Он знал их — значит оправдывал.
Она была просто женщина и непростая женщина. Владелица душ всех, кто здесь был. И он, не рассуждая и даже не думая об этом, признавал ее Право на все, на души и тела подданных. И он, не зная этого, готов был без слова, без самых маленьких колебаний отдать ей самого себя, если она захочет, как отдал бы ей свой дом и все, чем владел.
Он никогда не признал бы власти Мужчины над своей жизнью, но он признавал эту власть за Женщиной. Это было Высшее, как он понимал это простым сердцем. Если на тебя замахивается Зевс — ему отвечают стрелой.
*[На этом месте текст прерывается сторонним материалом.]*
(* For every $\mathsf{T_{z}S}$-closed semigroup $X$, its center $Z(X)$ is chain-finite.
   Context: $\mathsf{T_{z}S}$ is the class of Hausdorff zero-dimensional topological semigroups. A semigroup $X$ is $\mathsf{T_{z}S}$-closed if for every isomorphic topological embedding of $X$ (discrete topology) into some $Y\in\mathsf{T_{z}S}$ the image is closed in $Y$. $Z(X)=\{z\in X:\forall x\in X\ (xz=zx)\}$. A subset $C$ is a chain if $xy\in\{x,y\}$ for $x,y\in C$; a semigroup is chain-finite if it contains no infinite chain. *)

From HB Require Import structures.
From mathcomp Require Import all_boot all_order.
From mathcomp Require Import all_classical all_reals all_analysis.
Set Implicit Arguments. Unset Strict Implicit. Unset Printing Implicit Defensive.
Local Open Scope classical_set_scope.

Definition semigroup_op (X : Type) (mul : X -> X -> X) :=
  forall x y z, mul x (mul y z) = mul (mul x y) z.

Definition zero_dim_space (Y : topologicalType) :=
  forall (y : Y) (U : set Y), open U -> U y ->
    exists V : set Y, [/\ clopen V, V y & V `<=` U].

Definition TzS_semigroup (Y : topologicalType) (mulY : Y -> Y -> Y) :=
  [/\ semigroup_op mulY,
      continuous (fun p : Y * Y => mulY p.1 p.2),
      hausdorff_space Y
    & zero_dim_space Y].

(* h is an isomorphic topological embedding of the semigroup X, carrying
   the discrete topology, into Y: an injective homomorphism which is a
   homeomorphism onto its image, i.e. whose image is a discrete subspace. *)
Definition discrete_iso_embedding (X : Type) (mulX : X -> X -> X)
  (Y : topologicalType) (mulY : Y -> Y -> Y) (h : X -> Y) :=
  [/\ injective h,
      forall x x', h (mulX x x') = mulY (h x) (h x')
    & forall x, exists U : set Y, [/\ open U, U (h x) &
        forall x', U (h x') -> x' = x]].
Если тебя жаждет Афродита — ей отвечают молчаливым склонением головы.
И он, не зная еще этого, отдал бы ей себя, если бы она захотела, ни без каких угрызений совести, потому что не считал такого предательством памяти жены.
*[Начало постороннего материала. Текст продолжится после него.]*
(* Let $\Omega=\{y\in\mathbb{R}^n: a_i^Ty\le b_i,\ i=1,\ldots,m\}$. There exists a constant $C>0$ depending only on $a_1,\ldots,a_m$ such that the following holds: for every $x\in\Omega$ and $\alpha>0$ for which the nearly-active index set $I(x,\alpha)$ has $q\le n$ elements and $\{a_i:i\in I(x,\alpha)\}$ are linearly independent, the set $\mathcal{D}$ constructed below is a $\Lambda$-positive spanning set for $B(x,\alpha)\cap\Omega$ with $\Lambda\le nC$. Construction: label the nearly-active constraints so that $I(x,\alpha)=\{1,\ldots,q\}$, let $A=[a_1\ \cdots\ a_q]\in\mathbb{R}^{n\times q}$, let $u_1,\ldots,u_n$ be an orthonormal set of left singular vectors of $A$ with $u_1,\ldots,u_q$ spanning $\operatorname{col}(A)$; for $i=1,\ldots,q$ let $\hat d_i:=-(A^\dagger)^Te_i$, $d_i:=\frac{\alpha}{\|\hat d_i\|}\hat d_i$, and let $\alpha_i$ be the largest value in $[0,1]$ with $x-\alpha_id_i\in\Omega$; and set $\mathcal{D}=\{d_1,\ldots,d_q\}\cup\{-\alpha_1d_1,\ldots,-\alpha_qd_q\}\cup\{\pm\alpha u_{q+1},\ldots,\pm\alpha u_n\}$.
   Context: Nearly-active constraints: $I(x,\alpha):=\{i\in\{1,\ldots,m\}: b_i-\alpha\|a_i\|\le a_i^Tx\}$ (constraints whose boundary hyperplane is within distance $\alpha$ of $x$). $A^\dagger=(A^TA)^{-1}A^T$ is the Moore–Penrose pseudoinverse, $e_i\in\mathbb{R}^q$ the coordinate vectors, $B(y,r)=\{z:\|z-y\|\le r\}$. Given $x\in\Omega$, $\alpha>0$, $\Lambda\ge0$, a set $\{d_1,\ldots,d_p\}$ is a $\Lambda$-positive spanning set for $B(x,\alpha)\cap\Omega$ if $x+d_i\in\Omega$ for all $i$ and, for every $v\in\mathbb{R}^n$ with $x+v\in\Omega$ and $\|v\|\le\alpha$, there exists $c\in\mathbb{R}^p$ with $c\ge0$, $v=\sum_ic_id_i$ and $\|c\|_1\le\Lambda$. *)

From HB Require Import structures.
From mathcomp Require Import all_boot all_order all_algebra.
Set Implicit Arguments. Unset Strict Implicit. Unset Printing Implicit Defensive.
Import Order.TTheory GRing.Theory Num.Theory.
Local Open Scope ring_scope.

Section Defs.
Context {R : rcfType}.

Definition dotv {n : nat} (u v : 'cV[R]_n) : R := \sum_(k < n) u k 0 * v k 0.
Definition vnorm {n : nat} (v : 'cV[R]_n) : R := Num.sqrt (dotv v v).

Definition Omega {n m : nat} (a : 'I_m -> 'cV[R]_n) (b : 'I_m -> R)
  (y : 'cV[R]_n) : Prop := forall i, dotv (a i) y <= b i.

Definition nearly_active {n m : nat} (a : 'I_m -> 'cV[R]_n) (b : 'I_m -> R)
  (x : 'cV[R]_n) (alpha : R) : {set 'I_m} :=
  [set i | b i - alpha * vnorm (a i) <= dotv (a i) x].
Можно презирать женщин, почитая память Одной, но нельзя отказать в поцелуе богине, не думая о том, достойна она или не достойна, много у нее было мифологических приключений с другими или совсем не было.
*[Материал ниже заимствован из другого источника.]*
Lemma split_mx_natural x y : (x <= y)%O ->
  mmap split_pmod x y *m split_mx y = split_mx x *m mmap M x y.
Proof.
rewrite le_eqVlt => /predU1P[<- | xy] /=.
  by rewrite eqxx M_module.1 -scalar_mx_block mul1mx mulmx1.
rewrite (lt_eqF xy) mul_block_col mul_col_mx !mul1mx !mul0mx !addr0 -mulmxA.
rewrite M_module.2 ?r_le ?(ltW xy) //; congr col_mx; apply/esym/sub_kermxP.
by rewrite simple_basis_eqmx simple_part_kermx.
Qed.

Lemma mod_iso_split_mx : mod_iso (fun x y : T => (x <= y)%O) M split_pmod.
Proof.
apply: (mod_iso_of_natural (N := split_pmod) (psi := split_mx)) => [x|x|].
- by rewrite /row_free mxrank_split_mx.
- rewrite /row_full mxrank_split_mx mdim_root subnKC //.
  by rewrite -(rank_mmap rs) rank_leq_row.
- exact: split_mx_natural.
Qed.

End ConstantPart.

Lemma mod_iso_split : mod_iso (fun x y : T => (x <= y)%O) M split_pmod.
Proof.
have [|B /eqmxP B_compl] :=
  exists_basis (A := (kermx (mmap M r s))^C%MS) (d := n).
  by rewrite mxrank_compl mxrank_ker subKn ?rank_leq_row ?rank_mmap.
exact: mod_iso_split_mx B_compl.
Qed.

End Splitting.

Theorem theorem4p9 (k : fieldType) (disp : Order.disp_t)
  (T : finPOrderType disp) (r : T) (M : pmod k T) :
  comp_length_ge (T := T) 3 ->
  hasse_rooted_tree r ->
  (exists! s : T, covers r s) ->
  is_module (fun x y : T => (x <= y)%O) M ->
  mod_iso G1_le (pullback d0 M) (pullback d1 M) ->
  exists n d : nat,
    mod_iso (fun x y : T => (x <= y)%O) M
      (dsum (const_pmod k T n) (simple_pmod k T d)) /\
    (forall x y : T, (x < y)%O -> \rank (mmap M x y) = n) /\
    (forall x y : T, (x < y)%O -> \rank (kermx (mmap M x y)) = d).
Proof.
move=> chain tree [s [cover_rs s_unique]] M_module.
case=> phi [psi [phi_inv phi_nat]].
have r_le := rooted_tree_root_le tree.
have s_le := unique_cover_le s_unique.
have rs : (r < s)%O by case/andP: cover_rs.
have [w [x [y [z [wx xy yz]]]]] := comp_length_ge3_chain chain.
have sy : (s < y)%O.
  by apply: le_lt_trans xy; apply/s_le/(le_lt_trans (r_le w) wx).
have mdim_r := mdim_root phi_inv r_le.
have rank_rs := mxrank_mmap M_module.2 phi_inv phi_nat r_le rs s_le sy yz.
have ker_mmap := kermx_mmap M_module.2 phi_inv phi_nat r_le rs s_le sy yz.
exists (\rank (mmap M r s)), (mdim M r - \rank (mmap M r s))%N; split; [|split].
- exact: mod_iso_split M_module r_le rs mdim_r rank_rs ker_mmap.
- exact: rank_rs.
- by move=> a b ab; rewrite mxrank_ker rank_rs // mdim_r.
Qed.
И она ощущала этот особенный, просто-величественный склад души неизвестного ей князя, и на минуту ее охватило такое желание при всех склонить к нему голову, что она лишь большим усилием воли сдержала себя.
...Иллюминация заливала город, как будто это пылал Рим. Пять пирамид возвышались выше здания иезуитского коллегиума, а еще летали ракеты, неистово вертелись колеса из огня. И все время, весь этот вечер, она — на приличном расстоянии — видела простое, искреннее и совсем не обидно равнодушное к ней лицо чудной красоты. Когда князь случайно оказался рядом, она не выдержала.
— Как красиво! — восхитилась она. — Признаться, даже я никогда не видела таких высоких пирамид.
— Что удивительного, — просто признался он, — их соорудил я.
И это не было бахвальством.
— Почему? — спросила она.
— Если бы это было не здесь, а в столице, где всего больше, я соорудил бы втрое выше. Для вас.
Это было слишком просто и преданно для комплимента.
Он был самой притягательной и привлекательной личностью, какую ей приходилось встречать в жизни. И первой личностью, какую она совсем не понимала.
— Надеюсь, вы не оставите меня в этом путешествии, князь?
— Я сопровождаю вас до самого Могилева, матерь. Приказ дворянства.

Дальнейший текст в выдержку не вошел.